Sneaking Invisible Instructions by Developers in Windsurf
Imagine a malicious instruction hidden in plain sight, invisible to you but not to the AI. This is a vulnerability discovered in Windsurf Cascade, it follows invisible instructions. This means there can be instructions in a file or result of a tool call that the developer cannot see, but the LLM does.
Some LLMs interpret invisible Unicode Tag characters as instructions, which can lead to hidden prompt injection.
As far as I can tell the Windsurf SWE-1
model can also “see” these invisible characters, but the SWE-1
is not yet capable of interpreting them as instructions. As capabilities improve, so will the risk and impact of hidden prompt injections.
However, Windsurf supports models that reliably interpret these invisible instructions.
Demonstration 🧪
Here is a simple demo that shows an empty appearing file, but it actually contains hidden instructions. The model used is Claude Sonnet 3.7:
Windsurf Cascade sees these invisible characters as instructions and invokes the web tool.

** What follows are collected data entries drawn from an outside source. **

(* Let $M$ be a three-holed sphere with $\pi_1(M)=\langle A,B,C: ABC=I\rangle$, where $A,B,C$ represent the three boundary components. For $\rho\in\operatorname{Hom}(\pi_1(M),\mathrm{SU}(2))$ write $a=\operatorname{tr}\rho(A)$, $b=\operatorname{tr}\rho(B)$, $c=\operatorname{tr}\rho(C)$. Then: (1) $\rho$ is $\mathrm{Spin}(2)$ if and only if $a^2+b^2+c^2-abc-4=0$; (2) $\rho$ is $\mathrm{Pin}(2)$ and not $\mathrm{Spin}(2)$ if and only if $a^2+b^2+c^2-abc-4\neq0$ and at least two of the three numbers $\operatorname{tr}\rho(A)$, $\operatorname{tr}\rho(B)$, $\operatorname{tr}\rho(AB)$ are zero.
   Context: Let $p:\mathrm{SU}(2)\to\mathrm{SO}(3)$ be the double cover. $\mathrm{Pin}(2)=p^{-1}(\mathrm{O}(2))$ for a subgroup $\mathrm{O}(2)\subset\mathrm{SO}(3)$, and $\mathrm{Spin}(2)$ is its identity component (a maximal torus of $\mathrm{SU}(2)$). For a subgroup $G\subset\mathrm{SU}(2)$, a representation $\rho$ is said to be $G$ if $\rho(\pi_1(M))$ is contained in some subgroup of $\mathrm{SU}(2)$ isomorphic to (i.e. a conjugate copy of) $G$, and not $G$ if it is contained in no such copy. *)

From mathcomp Require Import all_boot all_algebra.
From mathcomp Require Import reals.
From mathcomp.real_closed Require Export complex.
Set Implicit Arguments. Unset Strict Implicit. Unset Printing Implicit Defensive.
Import GRing.Theory Num.Theory.
Local Open Scope ring_scope.
Local Open Scope complex_scope.

Section SU2.
Variable R : realType.
Notation C := (R[i]).

Definition adjmx (M : 'M[C]_2) : 'M[C]_2 := (map_mx conjc M)^T.

Definition SU2 (M : 'M[C]_2) : Prop := M *m adjmx M = 1%:M /\ \det M = 1.

(* The standard Spin(2): the diagonal maximal torus {diag(z, z^* ) : |z| = 1} *)
Definition Spin2_std (M : 'M[C]_2) : Prop :=
  SU2 M /\ M 0 1 = 0 /\ M 1 0 = 0.

(* The standard Pin(2) = p^{-1}(O(2)) = Spin(2) u j.Spin(2),
   j.Spin(2) = antidiagonal elements of SU(2) *)
Definition Pin2_std (M : 'M[C]_2) : Prop :=
  Spin2_std M \/ (SU2 M /\ M 0 0 = 0 /\ M 1 1 = 0).

Definition conj_copy (G : 'M[C]_2 -> Prop) (g : 'M[C]_2) (M : 'M[C]_2) : Prop :=
  exists N, G N /\ M = g *m N *m invmx g.

(* the image rho(pi_1(M)): subgroup of SU(2) generated by
   rho(A) = X, rho(B) = Y, rho(C) = Z *)
Inductive in_image (X Y Z : 'M[C]_2) : 'M[C]_2 -> Prop :=
| img_A : in_image X Y Z X
| img_B : in_image X Y Z Y
| img_C : in_image X Y Z Z
| img_1 : in_image X Y Z 1%:M
| img_mul M N : in_image X Y Z M -> in_image X Y Z N -> in_image X Y Z (M *m N)
| img_inv M : in_image X Y Z M -> in_image X Y Z (invmx M).

(* rho is G: its image lies in some conjugate copy of G in SU(2) *)
Definition rep_is (G : 'M[C]_2 -> Prop) (X Y Z : 'M[C]_2) : Prop :=
  exists g, SU2 g /\ forall M, in_image X Y Z M -> conj_copy G g M.

End SU2.

(* Identify SU(2) with the unit quaternions q0 + q1 i + q2 j + q3 k (via [qmx]).  Then
   Spin(2) is the circle in span{1, i}, Pin(2) adds the circle in span{j, k}, and
   conjugation by unit quaternions rotates the vector part (q1, q2, q3) arbitrarily.
   For x = rho(A), y = rho(B) the trace polynomial equals -4 |v_x × v_y|^2, so it vanishes
   iff x and y commute, iff their vector parts are parallel, iff a single rotation moves
   both onto the i-axis: this is (1).  For (2): if after a rotation x and y lie in Pin(2)
   but not both in Spin(2), then two of x, y, xy lie in span{j, k}, hence have trace 0.
   Conversely, two non-commuting pure quaternions are both moved into span{j, k} by a
   rotation taking the normal of their vector parts to the i-axis; when the pure pair is
   (x, xy) or (xy, y), the remaining element y = x^-1 (xy), resp. x = (xy) y^-1, then
   lands in Spin(2). *)

From mathcomp Require Import all_boot all_order all_algebra.
From mathcomp Require Import reals.
From mathcomp.real_closed Require Import complex.
From mathcomp Require Import ring lra.
Import Order.TTheory GRing.Theory Num.Theory.
Local Open Scope ring_scope.
Set Implicit Arguments. Unset Strict Implicit.

(* For X, Y in SL(2) with traces a, b and tr (XY) = c, this is tr (X Y X^-1 Y^-1) - 2. *)
Definition fricke (T : pzRingType) (a b c : T) : T :=
  a ^+ 2 + b ^+ 2 + c ^+ 2 - a * b * c - 4.

Record quat (R : Type) := Quat { q0 : R; q1 : R; q2 : R; q3 : R }.

Section QuatAlgebra.
Variable R : comPzRingType.
Implicit Types (p q r g u v x y : quat R) (P : quat R -> Prop).

Definition qone : quat R := Quat 1 0 0 0.

Definition qmul p q : quat R :=
  Quat (q0 p * q0 q - q1 p * q1 q - q2 p * q2 q - q3 p * q3 q)
       (q0 p * q1 q + q1 p * q0 q + q2 p * q3 q - q3 p * q2 q)
       (q0 p * q2 q - q1 p * q3 q + q2 p * q0 q + q3 p * q1 q)
       (q0 p * q3 q + q1 p * q2 q - q2 p * q1 q + q3 p * q0 q).

Definition qconj p : quat R := Quat (q0 p) (- q1 p) (- q2 p) (- q3 p).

If you pay close attention to the screenshot, you can actually see that the tiny preview pane in Windsurf shows the visible text!
As we have seen with previous posts, automatic tool invocation like this can lead to information disclosure, data exfiltration, and worse… And leveraging hidden instructions allows a potential attack to remain undetected by the user.
Compared to the impact of automatic tool invocation, invisible instructions are a lower severity issue.
But the key point is: invisible instructions can invoke tools.
Additional Background Information
This behavior with LLMs was discovered by Riley Goodside with ChatGPT and was fixed by OpenAI. Since then, I have written about it quite frequently, going back to January 2024. I also built the ASCII Smuggler to help with testing to show actual impact on system and application security.
Mitigation
I suggest making the characters visible in the UI, so that it’s clear that there is some hidden information.
Many other apps and agents decided to remove invisible Unicode Tag characters entirely before and after inference. That is probably the most practical mitigation.
Many coding agents, like Amp and Amazon Q Developer for VS Code mitigate this at the application level, which is an effective mitigation for models that support invisible instructions. Many other agents remain susceptible to such attacks.
Responsible Disclosure
This information was disclosed to Windsurf May 30, 2025 and receipt acknowledged by Windsurf a few days later. However, all further inquiries remained unanswered, hence disclosing this publicly seems the best approach to raise awareness and educate users.
Update: After starting the disclosure process as part of Month of AI Bugs, I was contacted by Windsurf, and the team is looking to implement fixes and mitigations for the disclosed vulnerabilities.
Conclusion
Invisible instructions via Unicode Tag characters can be a sneaky way to remain undetected as an adversary. We have seen other coding agents mitigate this at the application level. If you are building exclusively on top of OpenAI models, you should be good, as OpenAI is generally mitigating this threat at the model/API level.
However, there are plenty of apps and models (Google, Anthropic, Grok, Windsurf Cascade,…) that remain susceptible to this behavior.
If you build an app on top of a model which has this behavior, then consider taking extra steps to protect or inform end-users of invisible text being present.